Prove the following identity,where the angles involved are acute angles for which the expressions are defined:
$\frac{\cos A-\sin A+1}{\cos A+\sin A-1}=\operatorname{cosec} A+\cot A$,using the identity $\operatorname{cosec}^{2} A=1+\cot ^{2} A$.
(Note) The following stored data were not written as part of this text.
Lemma filterlim_scal_exp_0 (F : (R -> Prop) -> Prop) {FF : Filter F} (K c : R) :
  filterlim (fun x => c * x) F (Rbar_locally m_infty) ->
  filterlim (fun x => K * exp (c * x)) F (locally 0).
Proof.
  intros Hlin.
  apply filterlim_comp with (f := fun x => exp (c * x)) (g := Rmult K) (G := locally 0).
  - exact (filterlim_comp _ _ _ (fun x => c * x) exp _ _ _ Hlin is_lim_exp_m).
  - pose proof (filterlim_Rbar_mult_l K 0) as HK. simpl in HK.
    now rewrite Rmult_0_r in HK.
Qed.

Lemma is_derive_scal_exp (c K x : R) : c <> 0 ->
  is_derive (fun y => K / c * exp (c * y)) x (K * exp (c * x)).
Proof. intros Hc. auto_derive; [easy|]. field. exact Hc. Qed.

Section ExponentialTails.

Context {V : CompleteNormedModule R_AbsRing}.
Variables (f : R -> V) (a M c : R).
Hypothesis c_pos : 0 < c.

Lemma ex_RInt_gen_exp_decay_p_infty :
  (forall x, a <= x -> continuous f x) ->
  (forall x, a <= x -> norm (f x) <= M * exp (- c * x)) ->
  ex_RInt_gen f (at_point a) (Rbar_locally p_infty).
Proof.
  intros Hcont Hbound.
  refine (ex_RInt_gen_majorant (fun x => a <= x) f (fun x => M * exp (- c * x))
            (fun x => M / (- c) * exp (- c * x)) Hcont Hbound _ _
            (Rbar_locally p_infty) a _ _).
  - intros x _. apply is_derive_scal_exp. lra.
  - intros x _. apply (ex_derive_continuous (fun x => M * exp (- c * x))).
    auto_derive; easy.
  - exists a. intros b Hb x Hx. rewrite Rmin_left in Hx; lra.
  - apply (filterlim_scal_exp_0 (Rbar_locally p_infty)).
    pose proof (filterlim_Rbar_mult_l (- c) p_infty) as Hlin.
    unfold Rbar_mult, Rbar_mult' in Hlin. destruct (Rle_dec 0 (- c)); [lra|exact Hlin].
Qed.

Lemma ex_RInt_gen_exp_decay_m_infty :
  (forall x, x <= a -> continuous f x) ->
  (forall x, x <= a -> norm (f x) <= M * exp (c * x)) ->
  ex_RInt_gen f (Rbar_locally m_infty) (at_point a).
Proof.
  intros Hcont Hbound.
  apply (ex_RInt_gen_swap (Rbar_locally m_infty) (at_point a)).
  refine (ex_RInt_gen_majorant (fun x => x <= a) f (fun x => M * exp (c * x))
            (fun x => M / c * exp (c * x)) Hcont Hbound _ _
            (Rbar_locally m_infty) a _ _).
  - intros x _. apply is_derive_scal_exp. lra.
  - intros x _. apply (ex_derive_continuous (fun x => M * exp (c * x))).
    auto_derive; easy.
  - exists a. intros b Hb x Hx. rewrite Rmax_left in Hx; lra.
  - apply (filterlim_scal_exp_0 (Rbar_locally m_infty)).
    pose proof (filterlim_Rbar_mult_l c m_infty) as Hlin.
    unfold Rbar_mult, Rbar_mult' in Hlin.
    destruct (Rle_dec 0 c); [|lra]. destruct (Rle_lt_or_eq_dec 0 c r); [exact Hlin|lra].
Qed.

End ExponentialTails.

Section ComplexComponents.

Variables (f : R -> C) (x : R).

Lemma continuous_C_intro :
  continuous (fun t => Re (f t)) x -> continuous (fun t => Im (f t)) x -> continuous f x.
Proof.
  intros Hre Him.
  apply (continuous_ext (fun t => (Re (f t), Im (f t)))).
  { intros t. now destruct (f t). }
  apply (continuous_comp_2 _ _ pair); [exact Hre | exact Him |].
  apply (continuous_ext (fun p => p)); [now intros [] | apply continuous_id].
Qed.

Lemma continuous_Re : continuous f x -> continuous (fun t => Re (f t)) x.
Proof.
  intros Hf. apply (continuous_comp f fst); [exact Hf|].
  destruct (f x). apply continuous_fst.
Qed.

Lemma continuous_Im : continuous f x -> continuous (fun t => Im (f t)) x.
Proof.
  intros Hf. apply (continuous_comp f snd); [exact Hf|].
  destruct (f x). apply continuous_snd.
Qed.

End ComplexComponents.

Section ComplexContinuity.

Variables (f g : R -> C) (x : R).
Hypotheses (Hf : continuous f x) (Hg : continuous g x).

Let Hfre := continuous_Re f x Hf.
Let Hfim := continuous_Im f x Hf.
Let Hgre := continuous_Re g x Hg.
Let Hgim := continuous_Im g x Hg.

Lemma continuous_Cplus : continuous (fun t => f t + g t)%C x.
Proof.
  apply continuous_C_intro; simpl.
  - exact (continuous_plus _ _ _ Hfre Hgre).
  - exact (continuous_plus _ _ _ Hfim Hgim).
Qed.

Lemma continuous_Copp : continuous (fun t => - f t)%C x.
Proof.
  apply continuous_C_intro; simpl.
  - exact (continuous_opp _ _ Hfre).
  - exact (continuous_opp _ _ Hfim).
Qed.

Lemma continuous_Cmult : continuous (fun t => f t * g t)%C x.
Proof.
  apply continuous_C_intro; simpl.
  - apply (continuous_minus (fun t => Re (f t) * Re (g t)) (fun t => Im (f t) * Im (g t)));
      now apply (continuous_mult (K := R_AbsRing)).
  - apply (continuous_plus (fun t => Re (f t) * Im (g t)) (fun t => Im (f t) * Re (g t)));
      now apply (continuous_mult (K := R_AbsRing)).
Qed.

Lemma continuous_Cexp : continuous (fun t => Cexp (f t)) x.
Proof.
  apply continuous_C_intro; simpl; apply (continuous_mult (K := R_AbsRing)).
  - now apply continuous_exp_comp.
  - exact (continuous_comp _ cos _ Hfim (continuous_cos _)).
  - now apply continuous_exp_comp.
  - exact (continuous_comp _ sin _ Hfim (continuous_sin _)).
Qed.

Lemma continuous_Cinv : f x <> 0%C -> continuous (fun t => / f t)%C x.
Proof.
  intros Hnz.
  set (d := fun t => Re (f t) ^ 2 + Im (f t) ^ 2).
  assert (Hd : d x <> 0).
  { intros E. apply Hnz. unfold d in E. destruct (f x) as [a b]; simpl in E.
    apply injective_projections; simpl; nra. }
  assert (Hdcont : continuous (fun t => / d t) x).
  { apply continuous_Rinv_comp; [|exact Hd].
    unfold d; simpl.
    apply (continuous_plus (fun t => Re (f t) * (Re (f t) * 1))
                           (fun t => Im (f t) * (Im (f t) * 1)));
      repeat apply (continuous_mult (K := R_AbsRing)); auto using continuous_const. }
  apply continuous_C_intro; simpl; apply (continuous_mult (K := R_AbsRing)); auto.
  exact (continuous_opp (fun t => Im (f t)) x Hfim).
Qed.

End ComplexContinuity.

Lemma continuous_Cdiv (f g : R -> C) (x : R) :
  continuous f x -> continuous g x -> g x <> 0%C -> continuous (fun t => f t / g t)%C x.
Proof. intros Hf Hg Hnz. apply continuous_Cmult; [exact Hf|]. now apply continuous_Cinv. Qed.

Lemma continuous_Csinh (f : R -> C) (x : R) :
  continuous f x -> continuous (fun t => Csinh (f t)) x.
Proof.
  intros Hf. unfold Csinh.
  apply (continuous_Cdiv _ (fun _ => 2%C)).
  - apply continuous_Cplus; [now apply continuous_Cexp|].
    now apply continuous_Copp, continuous_Cexp, continuous_Copp.
  - apply continuous_const.
  - intros E. injection E. lra.
Qed.

Lemma continuous_integrand_comp (gamma z : C) (N : nat) (phi : R -> C) (t : R) :
  continuous phi t -> INR N <> 0 -> phi t <> 0%C ->
  Csinh (phi t) <> 0%C -> Csinh (gamma * phi t / RtoC (INR N)) <> 0%C ->
  continuous (fun s => integrand gamma z N (phi s)) t.
Proof.
  intros Hphi HN H0 Hsinh1 Hsinh2. unfold integrand.
  assert (Hconst : forall c : C, continuous (fun _ : R => c) t)
    by (intros; apply continuous_const).
  apply continuous_Cdiv.
  - apply continuous_Cexp, continuous_Cmult; auto.
  - apply continuous_Cmult; [apply continuous_Cmult|]; [exact Hphi| |];
      apply continuous_Csinh; [exact Hphi|].
    apply (continuous_Cdiv (fun s => gamma * phi s)%C); [apply continuous_Cmult; auto | auto |].
    intros E. injection E. lra.
  - apply Cmult_neq_0; [apply Cmult_neq_0|]; assumption.
Qed.

Lemma Cmod_Cexp (w : C) : Cmod (Cexp w) = exp (Re w).
Proof.
  unfold Cmod, Cexp; cbn [fst snd].
  replace ((exp (Re w) * cos (Im w)) ^ 2 + (exp (Re w) * sin (Im w)) ^ 2)
    with (exp (Re w) ^ 2) by (pose proof (sin2_cos2 (Im w)); unfold Rsqr in *; nra).
  apply sqrt_pow2, Rlt_le, exp_pos.
Qed.

Lemma Csinh_components (w : C) :
  Csinh w = (sinh (Re w) * cos (Im w), cosh (Re w) * sin (Im w)).
Proof.
  unfold Csinh, Cexp, sinh, cosh, Cdiv, Cminus; simpl. rewrite cos_neg, sin_neg.
  apply injective_projections; simpl; unfold Re, Im; field.
Qed.

Lemma Csinh_eq_0 (w : C) : Csinh w = 0%C -> Re w = 0 /\ sin (Im w) = 0.
Proof.
  rewrite Csinh_components. intros E. injection E as Ere Eim.
  assert (Hcosh : 0 < cosh (Re w)).
  { unfold cosh. pose proof (exp_pos (Re w)). pose proof (exp_pos (- Re w)). lra. }
  assert (Hsin : sin (Im w) = 0) by nra.
  split; [|exact Hsin].
  assert (Hcos : cos (Im w) <> 0).
  { intros Hcos. pose proof (sin2_cos2 (Im w)) as H. unfold Rsqr in H.
    rewrite Hsin, Hcos in H. lra. }
  assert (Hsinh : sinh (Re w) = 0) by (apply Rmult_integral in Ere; tauto).
  destruct (Rtotal_order (Re w) 0) as [Hlt | [Heq | Hgt]]; [| exact Heq |].
  - pose proof (sinh_lt _ _ Hlt). rewrite sinh_0 in *. lra.
  - pose proof (sinh_lt _ _ Hgt). rewrite sinh_0 in *. lra.
Qed.

Lemma Csinh_neq_0_of_Re (w : C) : Re w <> 0 -> Csinh w <> 0%C.
Proof. intros Hre E. now apply Hre, Csinh_eq_0. Qed.

Lemma Csinh_neq_0_of_Cmod (w : C) : 0 < Cmod w < PI -> Csinh w <> 0%C.
Proof.
  intros [Hpos Hlt] E. destruct (Csinh_eq_0 w E) as [Hre Hsin].
  destruct w as [a b]; simpl in Hre, Hsin; subst a.
  unfold Cmod in Hpos, Hlt; cbn [fst snd] in Hpos, Hlt.
  replace (0 ^ 2 + b ^ 2) with (b²) in Hpos, Hlt by (unfold Rsqr; ring).
  rewrite sqrt_Rsqr_abs in Hpos, Hlt.
  destruct (Rle_or_lt 0 b).
  - rewrite Rabs_right in Hpos, Hlt by lra.
    pose proof (sin_gt_0 b Hpos Hlt). lra.
  - rewrite Rabs_left in Hpos, Hlt by lra.
    pose proof (sin_gt_0 (- b) Hpos Hlt). rewrite sin_neg in *. lra.
Qed.

Lemma Rabs_sinh_le_Cmod_Csinh (w : C) : Rabs (sinh (Re w)) <= Cmod (Csinh w).
Proof.
  rewrite Csinh_components. unfold Cmod; cbn [fst snd].
  rewrite <- sqrt_Rsqr_abs. apply sqrt_le_1_alt.
  assert (Hexp : exp (Re w) * exp (- Re w) = 1)
    by (rewrite <- exp_plus, Rplus_opp_r; apply exp_0).
  pose proof (sin2_cos2 (Im w)). unfold Rsqr, sinh, cosh in *. nra.
Qed.

Lemma Rabs_sinh_ge_exp (r : R) : 0 < r ->
  exists k, 0 < k /\ forall a, r <= Rabs a -> k * exp (Rabs a) <= Rabs (sinh a).
Proof.
  intros Hr. exists ((1 - exp (- (2 * r))) / 2). split.
  - assert (exp (- (2 * r)) < 1) by (rewrite <- exp_0; apply exp_increasing; lra). lra.
  - intros a Ha.
    assert (Hodd : Rabs (sinh a) = sinh (Rabs a)).
    { assert (Hsinh_pos : forall b, 0 <= b -> 0 <= sinh b).
      { intros b [Hb | <-]; [|rewrite sinh_0; lra].
        pose proof (sinh_lt _ _ Hb). rewrite sinh_0 in *. lra. }
      destruct (Rle_or_lt 0 a) as [Hpos | Hneg].
      - rewrite (Rabs_right a) by lra. apply Rabs_right, Rle_ge, Hsinh_pos, Hpos.
      - rewrite (Rabs_left a) by lra.
        replace (sinh a) with (- sinh (- a)) by (unfold sinh; rewrite Ropp_involutive; field).
        rewrite Rabs_Ropp. apply Rabs_right, Rle_ge, Hsinh_pos. lra. }
    rewrite Hodd. unfold sinh.
    replace (exp (- Rabs a)) with (exp (Rabs a) * exp (- (2 * Rabs a)))
      by (rewrite <- exp_plus; f_equal; ring).
    assert (exp (- (2 * Rabs a)) <= exp (- (2 * r))).
    { destruct (Rle_lt_or_eq_dec r (Rabs a) Ha) as [Hlt | Heq].
      - apply Rlt_le, exp_increasing. lra.
      - rewrite Heq. lra. }
    pose proof (exp_pos (Rabs a)). nra.
Qed.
(N/A) To prove: $\frac{\cos A-\sin A+1}{\cos A+\sin A-1}=\operatorname{cosec} A+\cot A$
$L.H.S. = \frac{\cos A - \sin A + 1}{\cos A + \sin A - 1}$
Divide the numerator and the denominator by $\sin A$:
$= \frac{\frac{\cos A}{\sin A} - \frac{\sin A}{\sin A} + \frac{1}{\sin A}}{\frac{\cos A}{\sin A} + \frac{\sin A}{\sin A} - \frac{1}{\sin A}}$
$= \frac{\cot A - 1 + \operatorname{cosec} A}{\cot A + 1 - \operatorname{cosec} A}$
Using the identity $1 = \operatorname{cosec}^{2} A - \cot^{2} A$ in the numerator:
$= \frac{\cot A + \operatorname{cosec} A - (\operatorname{cosec}^{2} A - \cot^{2} A)}{\cot A - \operatorname{cosec} A + 1}$
$= \frac{(\cot A + \operatorname{cosec} A) - (\operatorname{cosec} A - \cot A)(\operatorname{cosec} A + \cot A)}{\cot A - \operatorname{cosec} A + 1}$
Factor out $(\cot A + \operatorname{cosec} A)$:
$= \frac{(\cot A + \operatorname{cosec} A) [1 - (\operatorname{cosec} A - \cot A)]}{\cot A - \operatorname{cosec} A + 1}$
$= \frac{(\cot A + \operatorname{cosec} A) (1 - \operatorname{cosec} A + \cot A)}{\cot A - \operatorname{cosec} A + 1}$
Since $(1 - \operatorname{cosec} A + \cot A) = (\cot A - \operatorname{cosec} A + 1)$,they cancel out:
$= \cot A + \operatorname{cosec} A = R.H.S.$